In recognition that information contained in a base prospectus can change over time, an offer-specific prospectus must also update significant information contained in a base prospectus that has changed from the time it had been lodged with ASIC. This information, or reference if it is already contained in a document lodged with ASIC, must be included in Section 3 of the offer-specific prospectus, and must specifically include:

                any significant information necessary to update the information in the base prospectus;

                any notices that the issuing body has issued to explain changes that have occurred to the base prospectus since it was lodged with ASIC;

                the key financial ratios specified in regulation 6D.2.06, including details of any changes in the key financial ratios since the last offer-specific prospectus or base prospectus was issued; and

                an explanation of any changes to the risks disclosed in the base prospectus [subregulation 6D.2.05(6)].

Section 3 of an offer-specific prospectus must also contain, or reference if this material is already contained in a document lodged with ASIC, other information specific to the offer of simple corporate bonds that investors should consider, including:

                an explanation of how the issuing body will use the funds raised by issuing the bonds;

                a brief summary of the effect of the offer on the issuing body; and

                the ranking of the bonds and any other debt on issue.

To provide transparency in the fees those associated with the bond offer would receive, the offer-specific prospectus must include the amount paid, or agreed to be paid to: any directors or proposed directors of the issuing body; a person named in the prospectus as performing a function in a professional, advisory or other capacity in connection with the preparation or distribution of the prospectus; a promoter of the issuing body; or an underwriter to the issue or sale; or a financial services licensee named in, and involved in the sale of, the prospectus. 

 

Statement of Compatibility with Human Rights

Prepared in accordance with Part 3 of the Human Rights (Parliamentary Scrutiny) Act 2011

Corporations Amendment (Simple Corporate Bonds and Other
Measures) Regulations 2014

This Legislative Instrument is compatible with the human rights and freedoms recognised or declared in the international instruments listed in section 3 of the Human Rights (Parliamentary Scrutiny) Act 2011.
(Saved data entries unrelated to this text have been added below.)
(* Let $n\ge 3$. The center of $U_n$ is $$Z(U_n)=\{(x_1+f(x_2,\dots,x_n),\,x_2,\dots,x_n)\mid f\in K\langle x_2,\dots,x_n\rangle,\ f(x_2+g_2,\dots,x_n+g_n)=f(x_2,\dots,x_n)\text{ for all } g_i\in K\langle x_{i+1},\dots,x_n\rangle\ (2\le i\le n-1),\ g_n\in K\}.$$
   Context: $K$ is a field of characteristic zero and $A_n=K\langle x_1,\dots,x_n\rangle$ is the free associative $K$-algebra with unity. $U_n$ is the group of unitriangular automorphisms of $A_n$: all $K$-automorphisms $(x_1+f_1,\dots,x_n+f_n)$, meaning $x_i\mapsto x_i+f_i$, with $f_i\in K\langle x_{i+1},\dots,x_n\rangle$ for $i<n$ and $f_n\in K$. *)

(* Noncommutative polynomials K<x_0,...,x_{n-1}> represented
   as formal (unnormalized) finite sums of monomials (coefficient, word);
   two representations denote the same element iff their coefficient
   functions agree ([peq]). Variables are 0-indexed: x_{i+1} of the paper is
   index i here. *)
From HB Require Import structures.
From mathcomp Require Import all_boot all_order all_algebra.
Set Implicit Arguments. Unset Strict Implicit. Unset Printing Implicit Defensive.
Import GRing.Theory.
Local Open Scope ring_scope.

Section NC.
Variables (K : fieldType) (n : nat).

Definition ncpoly := seq (K * seq 'I_n).

Definition coef (p : ncpoly) (w : seq 'I_n) : K :=
  \sum_(t <- p | t.2 == w) t.1.

Definition peq (p q : ncpoly) : Prop := forall w, coef p w = coef q w.

Definition pX (i : 'I_n) : ncpoly := [:: (1, [:: i])].
Definition pC (c : K) : ncpoly := [:: (c, [::])].
Definition padd (p q : ncpoly) : ncpoly := p ++ q.
Definition pscale (c : K) (p : ncpoly) : ncpoly := [seq (c * t.1, t.2) | t <- p].
Definition psub (p q : ncpoly) : ncpoly := p ++ pscale (-1) q.
Definition pmul (p q : ncpoly) : ncpoly :=
  [seq (a.1 * b.1, a.2 ++ b.2) | a <- p, b <- q].
Definition pprod (ps : seq ncpoly) : ncpoly := foldr pmul (pC 1) ps.

Definition subst (phi : 'I_n -> ncpoly) (p : ncpoly) : ncpoly :=
  flatten [seq pscale t.1 (pprod (map phi t.2)) | t <- p].

Definition in_sub (i : nat) (p : ncpoly) : Prop :=
  forall w, coef p w != 0 -> all (fun j : 'I_n => (i < j)%N) w.

(* an endomorphism given by the images of the generators is unitriangular:
   phi i = x_i + f_i with f_i in K<x_{i+1},...> (for the last index this
   forces f_i in K) *)
Definition inU (phi : 'I_n -> ncpoly) : Prop :=
  forall i : 'I_n, in_sub i (psub (phi i) (pX i)).

Definition comp (phi psi : 'I_n -> ncpoly) : 'I_n -> ncpoly :=
  fun i => subst phi (psi i).

Definition aut_eq (phi psi : 'I_n -> ncpoly) : Prop :=
  forall i, peq (phi i) (psi i).

Definition in_center (phi : 'I_n -> ncpoly) : Prop :=
  inU phi /\ forall psi, inU psi -> aut_eq (comp phi psi) (comp psi phi).

End NC.

From Pilot Require Import Defs.
From HB Require Import structures.
From mathcomp Require Import all_boot all_order all_algebra.
From mathcomp Require Import ring.
Set Implicit Arguments. Unset Strict Implicit. Unset Printing Implicit Defensive.
Import GRing.Theory.
Local Open Scope ring_scope.

(* A central phi commutes with the elementary automorphisms x_(i-1) |-> x_(i-1) + x_i;
   since phi(x_(i-1)) - x_(i-1) only involves variables after x_(i-1), which these
   fix, this forces phi(x_i) = x_i for every variable but the first. So phi is
   x_0 |-> x_0 + f with f free of x_0, and commuting with a psi in U_n fixing x_0
   says exactly psi(f) = f. Conversely, for such a phi both phi(psi(x_i)) and
   psi(phi(x_i)) reduce to psi(x_i) plus (for i = 0) f, because psi(x_i) - x_i only
   involves variables fixed by phi. *)

Section FreeAlgebra.
Variables (K : fieldType) (n : nat).
Local Notation P := (ncpoly K n).
Local Notation X := (@pX K n).
Local Notation word := (seq 'I_n).
Local Notation delta u w := (if u == w then (1 : K) else 0).

Lemma coef_padd (p q : P) w : coef (padd p q) w = coef p w + coef q w.
Proof. by rewrite /coef big_cat. Qed.

Lemma coef_pscale c (p : P) w : coef (pscale c p) w = c * coef p w.
Proof. by rewrite /coef big_map mulr_sumr. Qed.

Lemma coef_psub (p q : P) w : coef (psub p q) w = coef p w - coef q w.
Proof. by rewrite coef_padd coef_pscale mulN1r. Qed.

Lemma coef_cons (t : K * word) (p : P) w :
  coef (t :: p) w = (if t.2 == w then t.1 else 0) + coef p w.
Proof. by rewrite /coef big_cons; case: ifP => //; rewrite add0r. Qed.

Lemma coef_monomial c (u : word) w : coef [:: (c, u)] w = c * delta u w.
Proof.
by rewrite coef_cons /coef big_nil addr0; case: ifP; rewrite ?mulr1 ?mulr0.
Qed.

Lemma coef_pX (j : 'I_n) w : coef (X j) w = delta [:: j] w.
Proof. by rewrite coef_monomial mul1r. Qed.

Lemma peq_padd_psub (p q : P) : peq (padd q (psub p q)) p.
Proof. by move=> w; rewrite coef_padd coef_psub addrC subrK. Qed.

Definition pdot (p : P) (F : word -> K) : K := \sum_(t <- p) t.1 * F t.2.

Lemma pdot_cons t (p : P) F : pdot (t :: p) F = t.1 * F t.2 + pdot p F.
Proof. by rewrite /pdot big_cons. Qed.

Lemma pdot_delta (p : P) w : pdot p (fun u => delta u w) = coef p w.
Proof.
rewrite /pdot /coef [RHS]big_mkcond; apply: eq_bigr => t _.
by case: ifP; rewrite ?mulr1 ?mulr0.
Qed.

Lemma pdot_coef (p : P) F (s : seq word) :
  uniq s -> {subset [seq t.2 | t <- p] <= s} ->
  pdot p F = \sum_(u <- s) coef p u * F u.
Proof.
move=> s_uniq; elim: p => [|t p IHp] p_s.
  by rewrite /pdot big_nil big1 // => u _; rewrite /coef big_nil mul0r.
rewrite pdot_cons IHp; last by move=> u u_p; apply: p_s; rewrite inE u_p orbT.
under [RHS]eq_bigr => u _ do rewrite coef_cons mulrDl.
rewrite big_split /=; congr (_ + _).
rewrite (bigD1_seq t.2) //=; last by apply: p_s; rewrite inE eqxx.
by rewrite eqxx big1 ?addr0 // => u /negPf; rewrite eq_sym => ->; rewrite mul0r.
Qed.

Lemma pdot_peq (p q : P) F : peq p q -> pdot p F = pdot q F.
Proof.
move=> pq; pose s := undup [seq t.2 | t <- p ++ q].
have s_uniq : uniq s by exact: undup_uniq.
rewrite !(pdot_coef F s_uniq) => [|u u_q|u u_p];
  rewrite ?mem_undup ?map_cat ?mem_cat ?u_p ?u_q ?orbT //.
by apply: eq_bigr => u _; rewrite pq.
Qed.

Lemma eq_pdot (p : P) F G :
  (forall u, coef p u != 0 -> F u = G u) -> pdot p F = pdot p G.
Proof.
move=> FG; pose s := undup [seq t.2 | t <- p].
have p_s : {subset [seq t.2 | t <- p] <= s} by move=> u; rewrite mem_undup.
rewrite !(pdot_coef _ (undup_uniq _) p_s); apply: eq_bigr => u _.
by case: (eqVneq (coef p u) 0) => [->|/FG ->]; rewrite ?mul0r.
Qed.

Lemma coef_pmul (p q : P) w :
  coef (pmul p q) w = pdot p (fun u => pdot q (fun v => delta (u ++ v) w)).
Proof.
elim: p => [|a p IHp]; first by rewrite /coef /pdot !big_nil.
rewrite /pmul allpairs_cons -/(pmul p q) coef_padd IHp pdot_cons; congr (_ + _).
rewrite /coef /pdot big_map big_mkcond mulr_sumr; apply: eq_bigr => b _ /=.
by case: ifP; rewrite ?mulr1 ?mulr0 // mulrC.
Qed.

Lemma pmul_peq (p p' q q' : P) : peq p p' -> peq q q' -> peq (pmul p q) (pmul p' q').
Proof.
move=> pp' qq' w; rewrite !coef_pmul (pdot_peq _ pp'); apply: eq_pdot => u _.
exact: pdot_peq.
Qed.

Lemma pmul_pC1 (p : P) : pmul p (@pC K n 1) = p.
Proof.
by elim: p => [|[c u] p IHp] //; rewrite /pmul allpairs_cons -/(pmul p _) IHp /= mulr1 cats0.
Qed.

Lemma pprod_map_peq (phi psi : 'I_n -> P) (u : word) :
  (forall j, j \in u -> peq (phi j) (psi j)) ->
  peq (pprod (map phi u)) (pprod (map psi u)).
Proof.
elim: u => [|j u IHu] phi_psi //=.
apply: pmul_peq; first by apply: phi_psi; rewrite inE eqxx.
by apply: IHu => i i_u; apply: phi_psi; rewrite inE i_u orbT.
Qed.

Lemma pprod_map_pX (u : word) : pprod (map X u) = [:: (1, u)].
Proof. by elim: u => [|j u IHu] //=; rewrite IHu /pmul /= mulr1. Qed.

Lemma coef_subst (phi : 'I_n -> P) (p : P) w :
  coef (subst phi p) w = pdot p (fun u => coef (pprod (map phi u)) w).
Proof.
elim: p => [|t p IHp]; first by rewrite /coef /pdot !big_nil.
by rewrite /subst /= coef_padd -/(subst phi p) IHp coef_pscale pdot_cons.
Qed.

Lemma subst_padd (phi : 'I_n -> P) (p q : P) :
  subst phi (padd p q) = padd (subst phi p) (subst phi q).
Proof. by rewrite /subst /padd map_cat flatten_cat. Qed.

Lemma subst_pX (phi : 'I_n -> P) j : peq (subst phi (X j)) (phi j).
Proof. by move=> w; rewrite /subst /= pmul_pC1 cats0 coef_pscale mul1r. Qed.

Lemma subst_peq (phi : 'I_n -> P) (p q : P) : peq p q -> peq (subst phi p) (subst phi q).
Proof. by move=> pq w; rewrite !coef_subst; apply: pdot_peq. Qed.

Lemma subst_id (p : P) : peq (subst X p) p.
Proof.
move=> w; rewrite coef_subst -pdot_delta; apply: eq_pdot => u _.
by rewrite pprod_map_pX coef_monomial mul1r.
Qed.

Lemma eq_subst_in_sub (phi psi : 'I_n -> P) (k : nat) (p : P) :
  in_sub k p -> (forall j : 'I_n, (k < j)%N -> peq (phi j) (psi j)) ->
  peq (subst phi p) (subst psi p).
Proof.
move=> p_k phi_psi w; rewrite !coef_subst; apply: eq_pdot => u u_p.
apply: pprod_map_peq => j j_u; apply: phi_psi.
exact: (allP (p_k u u_p)).
Qed.

Lemma subst_in_sub (phi : 'I_n -> P) (k : nat) (p : P) :
  in_sub k p -> (forall j : 'I_n, (k < j)%N -> peq (phi j) (X j)) ->
  peq (subst phi p) p.
Proof. by move=> p_k phi_fix w; rewrite (eq_subst_in_sub p_k phi_fix) subst_id. Qed.

End FreeAlgebra.

Section Unitriangular.
Variables (K : fieldType) (n : nat).
Local Notation P := (ncpoly K n).
Local Notation X := (@pX K n).

Lemma subst_inU (phi psi : 'I_n -> P) (k : 'I_n) :
  inU psi -> (forall j : 'I_n, (k < j)%N -> peq (phi j) (X j)) ->
  peq (subst phi (psi k)) (padd (phi k) (psub (psi k) (X k))).
Proof.
move=> psiU phi_fix w.
rewrite -(subst_peq _ (peq_padd_psub (psi k) (X k))) subst_padd coef_padd.
by rewrite subst_pX (subst_in_sub (psiU k) phi_fix) coef_padd.
Qed.

Definition elementary (k i : 'I_n) : 'I_n -> P :=
  fun j => if j == k then padd (X k) (X i) else X j.

Lemma inU_elementary (k i : 'I_n) : (k < i)%N -> inU (elementary k i).
Proof.
move=> k_i j w; rewrite coef_psub /elementary.
case: (eqVneq j k) => [->|_]; last by rewrite subrr eqxx.
rewrite coef_padd addrAC subrr add0r coef_pX.
by case: ([:: i] =P w) => [<- _|_]; rewrite ?eqxx //= k_i.
Qed.

Lemma inU_translate_tail (g : 'I_n -> P) :
  (forall i : 'I_n, (0 < i)%N -> in_sub i (g i)) ->
  inU (fun i => if (i : nat) == 0%N then X i else padd (X i) (g i)).
Proof.
move=> g_sub i w; rewrite coef_psub; case: ifP => i_0; first by rewrite subrr eqxx.
by rewrite coef_padd addrAC subrr add0r; apply: g_sub; rewrite lt0n i_0.
Qed.

Lemma center_fixes_tail (phi : 'I_n -> P) :
  in_center phi -> forall i : 'I_n, (0 < i)%N -> peq (phi i) (X i).
Proof.
move=> [phiU phi_comm] i i_gt0.
have k_lt_n : (i.-1 < n)%N by apply: leq_ltn_trans (leq_pred i) (ltn_ord i).
pose k := Ordinal k_lt_n.
have k_i : (k < i)%N by rewrite /= ltn_predL.
have elem_fix (j : 'I_n) : (k < j)%N -> peq (elementary k i j) (X j).
  by move=> k_j w; rewrite /elementary ifN // neq_ltn k_j orbT.
move=> w; have := phi_comm _ (inU_elementary k_i) k w.
rewrite /Defs.comp (subst_inU phiU elem_fix) {1}/elementary eqxx subst_padd.
rewrite coef_padd !subst_pX coef_padd coef_psub /elementary eqxx coef_padd => E.
by apply: (addrI (coef (phi k) w)); rewrite E; ring.
Qed.

Lemma center_subst_invariant (phi psi : 'I_n -> P) (k : 'I_n) :
  in_center phi -> inU psi -> peq (psi k) (X k) ->
  peq (subst psi (psub (phi k) (X k))) (psub (phi k) (X k)).
Proof.
move=> [_ phi_comm] psiU psi_k w.
have := phi_comm _ psiU k w; rewrite /Defs.comp (subst_peq _ psi_k) subst_pX.
rewrite -(subst_peq _ (peq_padd_psub (phi k) (X k))) subst_padd coef_padd.
rewrite subst_pX psi_k coef_psub => E.
by rewrite E; ring.
Qed.

Lemma subst_invariant_inU (f : P) :
  in_sub 0 f ->
  (forall g : 'I_n -> P, (forall i : 'I_n, (0 < i)%N -> in_sub i (g i)) ->
     peq (subst (fun i => if (i : nat) == 0%N then X i else padd (X i) (g i)) f) f) ->
  forall psi, inU psi -> peq (subst psi f) f.
Proof.
move=> f_sub f_inv psi psiU w.
rewrite -(f_inv (fun j => psub (psi j) (X j))) => [|j _]; last exact: psiU.
apply: (eq_subst_in_sub f_sub) => j j_gt0 v.
by rewrite ifN -?lt0n // peq_padd_psub.
Qed.

Lemma in_center_translate (phi : 'I_n -> P) (f : P) :
  in_sub 0 f -> (forall psi, inU psi -> peq (subst psi f) f) ->
  (forall i : 'I_n, peq (phi i) (if (i : nat) == 0%N then padd (X i) f else X i)) ->
  in_center phi.
Proof.
move=> f_sub f_inv phi_def.
have phi_fix (j : 'I_n) : (0 < j)%N -> peq (phi j) (X j).
  by move=> j_gt0 w; rewrite phi_def ifN // -lt0n.
have phi_0 (j : 'I_n) : (j : nat) = 0%N -> peq (phi j) (padd (X j) f).
  by move=> j_0 w; rewrite phi_def j_0.
have phiU : inU phi.
  move=> i w; rewrite coef_psub; case: (eqVneq (i : nat) 0%N) => [i_0|i_ne0].
    by rewrite phi_0 // coef_padd addrAC subrr add0r i_0; apply: f_sub.
  by rewrite phi_fix ?lt0n // subrr eqxx.
split=> // psi psiU i w; rewrite /Defs.comp.
have phi_fix_i (j : 'I_n) : (i < j)%N -> peq (phi j) (X j).
  by move=> i_j; apply: phi_fix; apply: leq_ltn_trans i_j.
rewrite (subst_inU psiU phi_fix_i) coef_padd coef_psub.
case: (eqVneq (i : nat) 0%N) => [i_0|i_ne0]; last first.
  by rewrite (subst_peq _ (phi_fix i _)) ?lt0n // subst_pX phi_fix ?lt0n // addrC subrK.
rewrite (subst_peq _ (phi_0 i i_0)) subst_padd coef_padd subst_pX f_inv //.
by rewrite phi_0 // coef_padd; ring.
Qed.

End Unitriangular.

Theorem theorem3 (K : fieldType) (hK : [pchar K] =i pred0) (n : nat)
  (hn : (3 <= n)%N) (phi : 'I_n -> ncpoly K n) :
  in_center phi <->
  exists f : ncpoly K n,
    in_sub 0 f /\
    (forall g : 'I_n -> ncpoly K n,
       (forall i : 'I_n, (0 < i)%N -> in_sub i (g i)) ->
       peq (subst (fun i : 'I_n => if (i : nat) == 0%N then @pX K n i
                                   else padd (@pX K n i) (g i)) f) f) /\
    (forall i : 'I_n,
       peq (phi i) (if (i : nat) == 0%N then padd (@pX K n i) f else @pX K n i)).
Proof.
(* The argument never divides by an integer. *)
split; last first.
  move=> [f [f_sub [f_inv phi_def]]].
  exact: in_center_translate f_sub (subst_invariant_inU f_sub f_inv) phi_def.
move=> phi_center; have [phiU _] := phi_center.
have n_gt0 : (0 < n)%N by apply: leq_trans hn.
pose i0 := Ordinal n_gt0.
exists (psub (phi i0) (@pX K n i0)); split; first exact: phiU i0.
split=> [g g_sub|i].
  by apply: center_subst_invariant (inU_translate_tail g_sub) _.
case: eqP => [i_0|/eqP i_ne0]; last by apply: (center_fixes_tail phi_center); rewrite lt0n.
have -> : i = i0 by exact: val_inj.
by move=> w; rewrite peq_padd_psub.
Qed.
Overview of the Legislative Instrument

The Corporations Amendment (Simple Corporate Bonds and Other Measures) Regulation 2014 specifies the structure and content of the prospectus material when offering simple corporate bonds in the retail market.

Human rights implications

This Legislative Instrument does not engage any of the applicable rights or freedoms.

Conclusion

This Legislative Instrument is compatible with human rights as it does not raise any human rights issues.